** Opening AVAILABLE DATA block **

(* Let $n\ge1$ and let $\tau$ be real with $\tau<\frac{1}{n-1}$ (no upper restriction when $n=1$). Then every $\omega\in\Omega_n(\tau)$ is non-resonant, i.e. $\langle k,\omega\rangle\notin\mathbb{Z}$ for all $k\in\mathbb{Z}^n\setminus\{0\}$. Here $\Omega_n(\tau)$ is the set of $\omega\in\mathbb{R}^n$ for which there exists $C>0$ such that $\|T\omega\|_{\mathbb{Z}}\ge C\,T^{-(1+\tau)/n}$ for every integer $T\ge1$.
   Context: For $\omega\in\mathbb{R}^n$, $|\omega|=\max_i|\omega_i|$ and $\|\omega\|_{\mathbb{Z}}=\min_{k\in\mathbb{Z}^n}|\omega-k|$. *)

From HB Require Import structures.
From mathcomp Require Import all_boot all_order all_algebra.
From mathcomp Require Import all_classical all_reals all_analysis.
Set Implicit Arguments. Unset Strict Implicit. Unset Printing Implicit Defensive.
Import Order.TTheory GRing.Theory Num.Theory.
Local Open Scope ring_scope.

Definition supnorm (R : realType) (n : nat) (v : 'I_n -> R) : R :=
  \big[Num.max/0]_(i < n) `|v i|.

(* ||v||_Z >= c, i.e. min_{k in Z^n} |v - k| >= c (the min is attained) *)
Definition normZ_ge (R : realType) (n : nat) (v : 'I_n -> R) (c : R) : Prop :=
  forall k : 'I_n -> int, c <= supnorm (fun i => v i - (k i)%:~R).

Definition Omega (R : realType) (n : nat) (tau : R) (w : 'I_n -> R) : Prop :=
  exists C : R, 0 < C /\
    forall T : nat, (1 <= T)%N ->
      normZ_ge (fun i => T%:R * w i)
               (C * (T%:R `^ (- (1 + tau) / n%:R))).

Definition nonresonant (R : realType) (n : nat) (w : 'I_n -> R) : Prop :=
  forall k : 'I_n -> int, (exists i, k i != 0) ->
    ~ (exists m : int, \sum_(i < n) (k i)%:~R * w i = m%:~R).

From mathcomp Require Import all_boot all_order all_algebra.
From mathcomp Require Import all_classical all_reals all_analysis.
From mathcomp Require Import ring lra.
Set Implicit Arguments. Unset Strict Implicit. Unset Printing Implicit Defensive.
Import Order.TTheory GRing.Theory Num.Theory.
Local Open Scope ring_scope.

(* Suppose <k, w> = m with k_j = s > 0. Dirichlet's theorem applied to the n - 1
   coordinates w_l, l <> j, gives 0 < q <= Q^(n-1) with ||q w_l||_Z <= 1/Q; the
   relation s w_j = m - sum_(l <> j) k_l w_l then controls the remaining
   coordinate, so T = q s satisfies ||T w||_Z <= K/Q with K = sum_i |k_i|.
   On the other hand w in Omega_n(tau) forces ||T w||_Z >= C (s Q^(n-1))^(-b)
   with b = max(0, (1 + tau)/n), and (n - 1) b < 1 is exactly the hypothesis
   tau < 1/(n - 1); so K/Q is too small once Q is large. *)

Section Dirichlet.
Variable R : realType.

Definition fracr (y : R) : R := y - (Num.floor y)%:~R.

Lemma fracr_itv (y : R) : 0 <= fracr y < 1.
Proof.
by have := floor_itv y; rewrite /fracr intrD => /andP[? ?]; apply/andP; split; lra.
Qed.

Lemma floor_eq_dist_lt1 (y1 y2 : R) : Num.floor y1 = Num.floor y2 -> `|y1 - y2| < 1.
Proof.
move=> e; have := floor_itv y1; have := floor_itv y2; rewrite e !intrD.
by move=> /andP[? ?] /andP[? ?]; rewrite ltr_norml; apply/andP; split; lra.
Qed.

Definition frac_box (Q : nat) (y : R) : 'I_Q.+1 :=
  inord `|Num.floor (Q.+1%:R * fracr y)|%N.

Lemma frac_boxE Q (y : R) : frac_box Q y = Num.floor (Q.+1%:R * fracr y) :> int.
Proof.
have /andP[f0 f1] := fracr_itv y.
have z0 : 0 <= Num.floor (Q.+1%:R * fracr y) by rewrite floor_ge0 mulr_ge0.
rewrite inordK -?ltz_nat gez0_abs // floor_lt_int.
by rewrite -[X in _ < X]mulr1 ltr_pM2l ?ltr0Sn.
Qed.

Lemma frac_box_eq Q (y1 y2 : R) : frac_box Q y1 = frac_box Q y2 ->
  `|fracr y1 - fracr y2| < Q.+1%:R^-1.
Proof.
move=> /(congr1 (fun i : 'I_Q.+1 => Posz i)); rewrite !frac_boxE => /floor_eq_dist_lt1.
by rewrite -mulrBr normrM ger0_norm // -ltr_pdivlMl ?ltr0Sn // mulr1.
Qed.

Lemma dirichlet_simultaneous (d Q : nat) (x : 'I_d -> R) : (0 < Q)%N ->
  exists q : nat, [/\ (0 < q)%N, (q <= Q ^ d)%N &
     forall i, exists p : int, `|q%:R * x i - p%:~R| <= Q%:R^-1].
Proof.
case: Q => [//|Q] _.
pose g (t : 'I_(Q.+1 ^ d).+1) : {ffun 'I_d -> 'I_Q.+1} :=
  [ffun i => frac_box Q (t%:R * x i)].
have /injectivePn[t1 [t2 ne12 g12]] : ~~ injectiveb g.
  apply/injectiveP => /leq_card; by rewrite card_ffun !card_ord ltnn.
wlog lt12 : t1 t2 ne12 g12 / (t1 < t2)%N.
  move=> W; case: (ltngtP t1 t2) => h; first exact: W h.
    by apply: (W t2 t1); rewrite // eq_sym.
  by move: ne12; rewrite -val_eqE /= h eqxx.
exists (t2 - t1)%N; split; first by rewrite subn_gt0.
  by rewrite leq_subLR -ltnS (leq_trans (ltn_ord t2)) // ltnS leq_addl.
move=> i; exists (Num.floor (t2%:R * x i) - Num.floor (t1%:R * x i)).
have := congr1 (fun f : {ffun _ -> _} => f i) g12.
rewrite !ffunE => /frac_box_eq /ltW; rewrite distrC /fracr natrB ?(ltnW lt12) // intrB.
by congr (`|_| <= _); ring.
Qed.

End Dirichlet.

Section Growth.
Variable R : realType.

Lemma exists_nat_div_lt_powRN (C K b : R) (s d : nat) :
  0 < C -> 0 <= K -> (0 < s)%N -> 0 <= b -> d%:R * b < 1 ->
  exists Q : nat, (0 < Q)%N /\ K / Q%:R < C * (s * Q ^ d)%N%:R `^ (- b).
Proof.
move=> C0 K0 s0 b0 db1.
set e := 1 - d%:R * b; have e0 : 0 < e by rewrite subr_gt0.
have Sb0 : 0 < s%:R `^ b by rewrite powR_gt0 ?ltr0n.
(* As (s Q^d)^b = s^b Q^(1 - e), the claim amounts to K s^b / C < Q^e. *)
set L := K * s%:R `^ b / C.
have L0 : 0 <= L by rewrite divr_ge0 ?mulr_ge0 // ltW.
exists (Num.bound (L `^ e^-1)).+1; split=> //.
set Q := (Num.bound _).+1; have Q0 : 0 < Q%:R :> R by rewrite ltr0n.
have LQ : L < Q%:R `^ e.
  have : L `^ e^-1 < Q%:R.
    by rewrite (lt_le_trans (archi_boundP _)) ?powR_ge0 // ler_nat.
  move/(gt0_ltr_powR e0); rewrite -powRrM mulVf ?gt_eqF // powRr1 //.
  by apply; rewrite nnegrE ?powR_ge0 ?ltW.
have -> : (s * Q ^ d)%N%:R `^ (- b) = (s%:R `^ b)^-1 * Q%:R `^ e / Q%:R.
  rewrite natrM natrX powRN powRM ?exprn_ge0 // -powR_mulrn ?ltW // -powRrM.
  have -> : d%:R * b = 1 - e by rewrite /e opprB addrC subrK.
  rewrite powRB ?(gt_eqF Q0) ?implybT // powRr1 ?ltW //.
  by rewrite invfM invf_div mulrA.
rewrite mulrA ltr_pM2r ?invr_gt0 //.
by move: LQ; rewrite /L ltr_pdivrMr // -ltr_pdivlMr //; congr (_ < _); ring.
Qed.

Lemma powRN_le_powR (T M a b : R) : 0 <= b -> - b <= a -> 1 <= T -> T <= M ->
  M `^ (- b) <= T `^ a.
Proof.
move=> b0 ba T1 TM; have T0 : 0 < T by apply: lt_le_trans T1.
apply: le_trans (ler_powR T1 ba); rewrite !powRN lef_pV2 ?posrE ?powR_gt0 //.
- by rewrite ge0_ler_powR // nnegrE ltW // (lt_le_trans T0).
- exact: lt_le_trans TM.
Qed.

Lemma max0_exponent_lt1 (d : nat) (tau : R) : ((0 < d)%N -> tau < 1 / d%:R) ->
  d%:R * Num.max 0 ((1 + tau) / d.+1%:R) < 1.
Proof.
case: d => [|d] htau; first by rewrite mul0r ltr01.
have := htau isT; rewrite ltr_pdivlMr ?ltr0Sn // => dtau.
case: (leP 0 ((1 + tau) / d.+2%:R)) => _; last by rewrite mulr0 ltr01.
rewrite mulrA ltr_pdivrMr ?ltr0Sn // mul1r mulrDr mulr1 [d.+2%:R]mulrS.
lra.
Qed.

End Growth.

Lemma supnorm_le (R : realType) n (v : 'I_n -> R) c :
  0 <= c -> (forall i, `|v i| <= c) -> supnorm v <= c.
Proof.
by move=> c0 vc; rewrite /supnorm; elim/big_ind: _ => // x y; rewrite ge_max => -> ->.
Qed.

Section ResonantVector.
Variables (R : realType) (d : nat) (w : 'I_d.+1 -> R).
Variables (k : 'I_d.+1 -> int) (m : int) (j : 'I_d.+1) (s : nat).
Hypothesis kj : k j = s%:Z.
Hypothesis resonance : \sum_i (k i)%:~R * w i = m%:~R.

Lemma sum_norm_coefs_split :
  \sum_i `|(k i)%:~R : R| = s%:R + \sum_l `|(k (lift j l))%:~R : R|.
Proof. by rewrite (bigD1_ord j) //= kj normr_nat. Qed.

Lemma resonant_multiple_near_int (q : nat) (p : 'I_d -> int) (eps : R) : 0 <= eps ->
  (forall l, `|q%:R * w (lift j l) - (p l)%:~R| <= eps) ->
  exists P : 'I_d.+1 -> int,
    supnorm (fun i => (q * s)%N%:R * w i - (P i)%:~R) <= (\sum_i `|(k i)%:~R|) * eps.
Proof.
move=> eps0 hp; rewrite sum_norm_coefs_split.
exists (fun i => if unlift j i is Some l then s%:Z * p l
  else q%:Z * m - \sum_l k (lift j l) * p l).
apply: supnorm_le => [|i]; first by rewrite mulr_ge0 ?addr_ge0 ?sumr_ge0.
case: (unliftP j i) => [l|] ->; rewrite ?liftK ?unlift_none.
- have -> : (q * s)%N%:R * w (lift j l) - (s%:Z * p l)%:~R =
      s%:R * (q%:R * w (lift j l) - (p l)%:~R) by rewrite natrM intrM; ring.
  rewrite normrM normr_nat (le_trans (ler_wpM2l (ler0n _ _) (hp l))) //.
  by rewrite ler_wpM2r // lerDl sumr_ge0.
- have hwj : s%:R * w j = m%:~R - \sum_l (k (lift j l))%:~R * w (lift j l).
    by rewrite -resonance (bigD1_ord j) //= kj addrK.
  have -> : (q * s)%N%:R * w j - (q%:Z * m - \sum_l k (lift j l) * p l)%:~R =
      \sum_l (k (lift j l))%:~R * ((p l)%:~R - q%:R * w (lift j l)).
    have -> : \sum_l (k (lift j l))%:~R * ((p l)%:~R - q%:R * w (lift j l)) =
        \sum_l (k (lift j l) * p l)%:~R -
        q%:R * \sum_l (k (lift j l))%:~R * w (lift j l).
      by rewrite mulr_sumr -sumrB; apply: eq_bigr => l _; rewrite intrM; ring.
    rewrite natrM -mulrA hwj intrB intrM pmulrn rmorph_sum; ring.
  apply: le_trans (ler_norm_sum _ _ _) _.
  apply: (@le_trans _ _ ((\sum_l `|(k (lift j l))%:~R|) * eps)).
    by rewrite mulr_suml; apply: ler_sum => l _; rewrite normrM distrC ler_wpM2l.
  by rewrite ler_wpM2r // lerDr.
Qed.
End ResonantVector.

Theorem mainTheorem5 (R : realType) (n : nat) (tau : R) :
  (1 <= n)%N ->
  ((1 < n)%N -> tau < 1 / (n.-1)%:R) ->
  forall w : 'I_n -> R, Omega tau w -> nonresonant w.
Proof.
case: n => [//|d] _ htau w [C [C0 HC]] k [j kj0] [m hm].
pose s := `|k j|%N; have s0 : (0 < s)%N by rewrite absz_gt0.
pose k' i := sgz (k j) * k i.
have k'j : k' j = s%:Z by rewrite /k' -abszEsg.
have hm' : \sum_i (k' i)%:~R * w i = (sgz (k j) * m)%:~R :> R.
  by rewrite intrM -hm mulr_sumr; apply: eq_bigr => i _; rewrite intrM mulrA.
pose b := Num.max 0 ((1 + tau) / d.+1%:R); have b0 : 0 <= b by rewrite le_max lexx.
have K0 : 0 <= \sum_i `|(k' i)%:~R : R| by rewrite sumr_ge0.
have [Q [Q0 hQ]] := exists_nat_div_lt_powRN C0 K0 s0 b0 (max0_exponent_lt1 htau).
have [q [q0 qQ /choice[p hp]]] := dirichlet_simultaneous (fun l => w (lift j l)) Q0.
have Qinv0 : 0 <= Q%:R^-1 :> R by rewrite invr_ge0.
have [P hP] := resonant_multiple_near_int k'j hm' Qinv0 hp.
have T0 : (0 < q * s)%N by rewrite muln_gt0 q0.
have hT : C * (s * Q ^ d)%N%:R `^ (- b) <= C * (q * s)%N%:R `^ (- (1 + tau) / d.+1%:R).
  rewrite ler_pM2l // powRN_le_powR ?ler1n ?ler_nat //.
    by rewrite mulNr lerN2 le_max lexx orbT.
  by rewrite mulnC leq_mul2l qQ orbT.
have upper := le_trans (HC _ T0 P) hP.
by move: (lt_le_trans hQ (le_trans hT upper)); rewrite ltxx.
Qed.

** Closing AVAILABLE DATA block **

• YOUR GOAL:
Print again the lines of the entries above that fall between the line holding "set e := 1 - d%:R" and the line holding "case: d => [|d]", inclusive, exactly as they stand.

• ANSWER FOR THE TASK:
set e := 1 - d%:R * b; have e0 : 0 < e by rewrite subr_gt0.
have Sb0 : 0 < s%:R `^ b by rewrite powR_gt0 ?ltr0n.
(* As (s Q^d)^b = s^b Q^(1 - e), the claim amounts to K s^b / C < Q^e. *)
set L := K * s%:R `^ b / C.
have L0 : 0 <= L by rewrite divr_ge0 ?mulr_ge0 // ltW.
exists (Num.bound (L `^ e^-1)).+1; split=> //.
set Q := (Num.bound _).+1; have Q0 : 0 < Q%:R :> R by rewrite ltr0n.
have LQ : L < Q%:R `^ e.
  have : L `^ e^-1 < Q%:R.
    by rewrite (lt_le_trans (archi_boundP _)) ?powR_ge0 // ler_nat.
  move/(gt0_ltr_powR e0); rewrite -powRrM mulVf ?gt_eqF // powRr1 //.
  by apply; rewrite nnegrE ?powR_ge0 ?ltW.
have -> : (s * Q ^ d)%N%:R `^ (- b) = (s%:R `^ b)^-1 * Q%:R `^ e / Q%:R.
  rewrite natrM natrX powRN powRM ?exprn_ge0 // -powR_mulrn ?ltW // -powRrM.
  have -> : d%:R * b = 1 - e by rewrite /e opprB addrC subrK.
  rewrite powRB ?(gt_eqF Q0) ?implybT // powRr1 ?ltW //.
  by rewrite invfM invf_div mulrA.
rewrite mulrA ltr_pM2r ?invr_gt0 //.
by move: LQ; rewrite /L ltr_pdivrMr // -ltr_pdivlMr //; congr (_ < _); ring.
Qed.

Lemma powRN_le_powR (T M a b : R) : 0 <= b -> - b <= a -> 1 <= T -> T <= M ->
  M `^ (- b) <= T `^ a.
Proof.
move=> b0 ba T1 TM; have T0 : 0 < T by apply: lt_le_trans T1.
apply: le_trans (ler_powR T1 ba); rewrite !powRN lef_pV2 ?posrE ?powR_gt0 //.
- by rewrite ge0_ler_powR // nnegrE ltW // (lt_le_trans T0).
- exact: lt_le_trans TM.
Qed.

Lemma max0_exponent_lt1 (d : nat) (tau : R) : ((0 < d)%N -> tau < 1 / d%:R) ->
  d%:R * Num.max 0 ((1 + tau) / d.+1%:R) < 1.
Proof.
case: d => [|d] htau; first by rewrite mul0r ltr01.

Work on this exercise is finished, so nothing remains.